Rebecca Dudley, an assistant professor of political science at BYU, gave a lecture at the Kennedy Center on March 27 and outlined how politics and sports are inextricably linked, especially in the Olympic Games. 

“Bids to host the Olympics are largely driven by a desire to showcase a nation and contribute to a legacy,” Dudley said.

The Olympics in 2034 will give Utah and by extension the U.S. a chance to accrue “soft power,” according to Joseph Nye, an American international relations scholar.

This soft power refers to “the ability to get what you want through attraction rather than coercion or payments … soft power arises from the attractiveness of a country’s culture, political ideals and policies.” 

Soft power and the opportunity to host the Olympics will allow Utah to further project the image that it has been cultivating for the past several years. 

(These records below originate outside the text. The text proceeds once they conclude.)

Lemma monomial_taylor_bound t : Rabs t <= D ->
  D ^ 2 * Rabs (monomial a1 a2 a3 a4 a5 (upd q j (q j + t)) - monomial a1 a2 a3 a4 a5 q
                - t * dmonomial j a1 a2 a3 a4 a5 q)
  <= t ^ 2 * monomial a1 a2 a3 a4 a5 (cst r).
Proof.
  intros Ht.
  rewrite <- (monomial_upd_same _ _ _ _ _ q j).
  rewrite monomial_cst_split, (monomial_upd j _ _ _ _ _ q (q j + t)),
    (monomial_upd j _ _ _ _ _ q (q j)) by exact Hj. unfold dmonomial. fold e.
  replace ((q j + t) ^ e * monomial a1 a2 a3 a4 a5 (upd q j 1)
           - q j ^ e * monomial a1 a2 a3 a4 a5 (upd q j 1)
           - t * (INR e * q j ^ pred e * monomial a1 a2 a3 a4 a5 (upd q j 1)))
    with (pow_rem e (q j) t * monomial a1 a2 a3 a4 a5 (upd q j 1)) by (unfold pow_rem; ring).
  rewrite Rabs_mult, <- Rmult_assoc.
  assert (T := pow_taylor_bound e (q j) t D Ht). assert (P := pow_coord_le).
  assert (C := cofactor_nonneg). assert (B := monomial_cofactor_bound).
  assert (0 <= D ^ 2 * Rabs (pow_rem e (q j) t)) by (apply Rmult_le_pos; [apply pow2_ge_0|apply Rabs_pos]).
  assert (0 <= t ^ 2) by apply pow2_ge_0.
  apply Rle_trans with (t ^ 2 * (Rabs (q j) + D) ^ e * monomial a1 a2 a3 a4 a5 (upd (cst r) j 1)).
  - apply Rmult_le_compat; auto; apply Rabs_pos.
  - rewrite Rmult_assoc. apply Rmult_le_compat_l; [lra|]. apply Rmult_le_compat_r; lra.
Qed.

Lemma dmonomial_bound :
  D * Rabs (dmonomial j a1 a2 a3 a4 a5 q) <= monomial a1 a2 a3 a4 a5 (cst r).
Proof.
  unfold dmonomial. fold e. rewrite monomial_cst_split, Rabs_mult, <- Rmult_assoc.
  assert (T := pow_deriv_bound e (q j) D HD). assert (P := pow_coord_le).
  apply Rmult_le_compat; [apply Rmult_le_pos; [lra|apply Rabs_pos]|apply Rabs_pos|lra|].
  apply monomial_cofactor_bound.
Qed.

End MonomialAlongCoordinate.

Definition dhom5 (c : coeffs) (j N : nat) (q : nat -> R) : R :=
  deg_sum N (fun a1 a2 a3 a4 a5 => c a1 a2 a3 a4 a5 * dmonomial j a1 a2 a3 a4 a5 q).

Lemma hom5_taylor_bound c j q D r t N : (j < 5)%nat -> 0 <= D ->
  (forall k, (k < 5)%nat -> Rabs (q k) + D <= r) -> Rabs t <= D ->
  D ^ 2 * Rabs (hom5 c N (upd q j (q j + t)) - hom5 c N q - t * dhom5 c j N q)
  <= t ^ 2 * hom_part (abs_coeffs c) N r r r r r.
Proof.
  intros Hj HD Hqr Ht. unfold dhom5. rewrite !hom5_deg_sum, hom_part_abs_deg_sum.
  rewrite <- deg_sum_scal, <- !deg_sum_minus, <- deg_sum_scal.
  eapply Rle_trans; [apply deg_sum_abs_scal, pow2_ge_0|]. apply deg_sum_le; intros.
  replace (c a1 a2 a3 a4 a5 * monomial a1 a2 a3 a4 a5 (upd q j (q j + t))
           - c a1 a2 a3 a4 a5 * monomial a1 a2 a3 a4 a5 q
           - t * (c a1 a2 a3 a4 a5 * dmonomial j a1 a2 a3 a4 a5 q))
    with (c a1 a2 a3 a4 a5 * (monomial a1 a2 a3 a4 a5 (upd q j (q j + t))
           - monomial a1 a2 a3 a4 a5 q - t * dmonomial j a1 a2 a3 a4 a5 q)) by ring.
  rewrite Rabs_mult.
  assert (B := monomial_taylor_bound j a1 a2 a3 a4 a5 q D r Hj HD Hqr t Ht).
  assert (0 <= Rabs (c a1 a2 a3 a4 a5)) by apply Rabs_pos. nra.
Qed.

Lemma hom5_deriv_bound c j q D r N : (j < 5)%nat -> 0 <= D ->
  (forall k, (k < 5)%nat -> Rabs (q k) + D <= r) ->
  D * Rabs (dhom5 c j N q) <= hom_part (abs_coeffs c) N r r r r r.
Proof.
  intros Hj HD Hqr. unfold dhom5. rewrite hom_part_abs_deg_sum.
  eapply Rle_trans; [apply deg_sum_abs_scal, HD|]. apply deg_sum_le; intros.
  rewrite Rabs_mult.
  assert (B := dmonomial_bound j a1 a2 a3 a4 a5 q D r Hj HD Hqr).
  assert (0 <= Rabs (c a1 a2 a3 a4 a5)) by apply Rabs_pos. nra.
Qed.

Lemma is_derive_of_quadratic_bound (g : R -> R) x l D K : 0 < D ->
  (forall t, Rabs t <= D -> Rabs (g (x + t) - g x - t * l) <= K * t ^ 2) -> is_derive g x l.
Proof.
  intros HD H. apply is_derive_Reals. intros eps Heps.
  assert (HK : 0 < Rabs K + 1) by (assert (X := Rabs_pos K); lra).
  assert (Hdel : 0 < Rmin D (eps / (Rabs K + 1))) by (apply Rmin_pos; [lra|apply Rdiv_lt_0_compat; lra]).
  exists (mkposreal _ Hdel). intros h Hh0 Hh. simpl in Hh.
  assert (HhD : Rabs h <= D) by (left; eapply Rlt_le_trans; [exact Hh|apply Rmin_l]).
  assert (Hhe : Rabs h * (Rabs K + 1) < eps).
  { apply Rlt_le_trans with (Rmin D (eps / (Rabs K + 1)) * (Rabs K + 1)).
    - apply Rmult_lt_compat_r; lra.
    - apply Rle_trans with (eps / (Rabs K + 1) * (Rabs K + 1));
        [apply Rmult_le_compat_r; [lra|apply Rmin_r]|].
      right; field; lra. }
  assert (Hh' : 0 < Rabs h) by (apply Rabs_pos_lt, Hh0).
  replace ((g (x + h) - g x) / h - l) with ((g (x + h) - g x - h * l) / h) by (field; exact Hh0).
  rewrite Rabs_div by exact Hh0.
  apply Rmult_lt_reg_r with (Rabs h); [exact Hh'|]. unfold Rdiv.
  rewrite Rmult_assoc, Rinv_l, Rmult_1_r by lra.
  eapply Rle_lt_trans; [apply H, HhD|].
  rewrite <- (pow2_abs h). assert (Rabs K * Rabs h <= eps) by nra.
  apply Rle_lt_trans with (Rabs K * Rabs h ^ 2); [apply Rmult_le_compat_r; [apply pow2_ge_0|apply Rle_abs]|].
  simpl. nra.
Qed.

Lemma series_rep_is_series c d F q : series_rep c d F ->
  (forall k, (k < 5)%nat -> Rabs (q k) < d) -> is_series (fun N => hom5 c N q) (eval5 F q).
Proof. intros [_ H] Hq. apply H; apply Hq; lia. Qed.

Definition abs_sum (c : coeffs) (d : R) : R := Series (fun N => hom_part (abs_coeffs c) N d d d d d).

Lemma abs_sum_correct c d F : series_rep c d F ->
  is_series (fun N => hom_part (abs_coeffs c) N d d d d d) (abs_sum c d).
Proof. intros [H _]. apply Series_correct, H. Qed.

Section SeriesAlongCoordinate.
Variables (c : coeffs) (d : R) (F : R -> R -> R -> R -> R -> R) (q : nat -> R) (j : nat) (r D : R).
Hypothesis Hs : series_rep c d F.
Hypothesis HD : 0 < D.
Hypothesis Hr : 0 <= r /\ r + D < d.
Hypothesis Hq : forall k, (k < 5)%nat -> Rabs (q k) <= r.
Hypothesis Hj : (j < 5)%nat.

Lemma coord_margin : forall k, (k < 5)%nat -> Rabs (q k) + D <= r + D.
Proof. intros k Hk. specialize (Hq k Hk). lra. Qed.

Lemma dhom5_ex_series : ex_series (fun N => dhom5 c j N q).
Proof.
  apply (@ex_series_le R_AbsRing R_CompleteNormedModule _
           (fun N => / D * hom_part (abs_coeffs c) N d d d d d));
    [|eexists; exact (is_series_scal (/ D) _ _ (abs_sum_correct c d F Hs))].
  intros N. unfold norm; simpl; unfold abs; simpl.
  apply Rmult_le_reg_l with D; [exact HD|]. rewrite <- Rmult_assoc, Rinv_r, Rmult_1_l by lra.
  eapply Rle_trans; [apply (hom5_deriv_bound c j q D (r + D) N Hj); [lra|exact coord_margin]|].
  apply hom_part_abs_mono; lra.
Qed.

“Utah is first and foremost going to care about economic vibrancy,” Dudley said. “We want to draw people to the area, we want to have the infrastructure that can support it and we also want to bring in the tourist dollars and the jobs and the arenas that we can use for years to come.”

Although large sporting events have great potential to bring countries together, they can also exacerbate existing rivalries or highlight problems in the host country.

“Boycott and protest is one of the most important political mechanisms that a country has in relation to the Olympics,” Dudley said.

She brought up the African boycott of the Montreal Olympics in 1976 and the major boycott of the 1980 Olympics in the Soviet Union as compelling examples of this power. 

“The Olympics give countries that are looking for recognition and legitimacy a platform to find that,” Dudley said. “The International Olympic Committee has participated in swaying the international system.” 

The Capitol building in Salt Lake City, Utah. The city is well known for its mountainous views and ski resorts. (Utah.com)

Although Utah will be under more scrutiny leading up to the games, 2034 will most likely bring more global unity and shared purpose, Dudley said.

”I actually think the most powerful elements of sport diplomacy are at the individual level,” Dudley said. 

Sportsmanship and people coming together to support their country and each other is what the Olympics is really all about, she said.

Dudley quoted Sarah Hirshland, the CEO of the U.S. Olympic and Paralympic committee, who believes sports is one of the universal languages of the world and that “sport has a very, very powerful way to drive common purpose.”

“We use sports as a way of connecting people to our country. Whenever I go around the world, whatever our differences may be, sports brings us together, unites us and connects us,” Antony Blinken, the U.S. Secretary of State, said in a past address.

Salt Lake City last hosted the Olympics in 2002. Those games featured the first-ever women’s bobsled team and several U.S. medals won in the bobsled and skeleton competitions.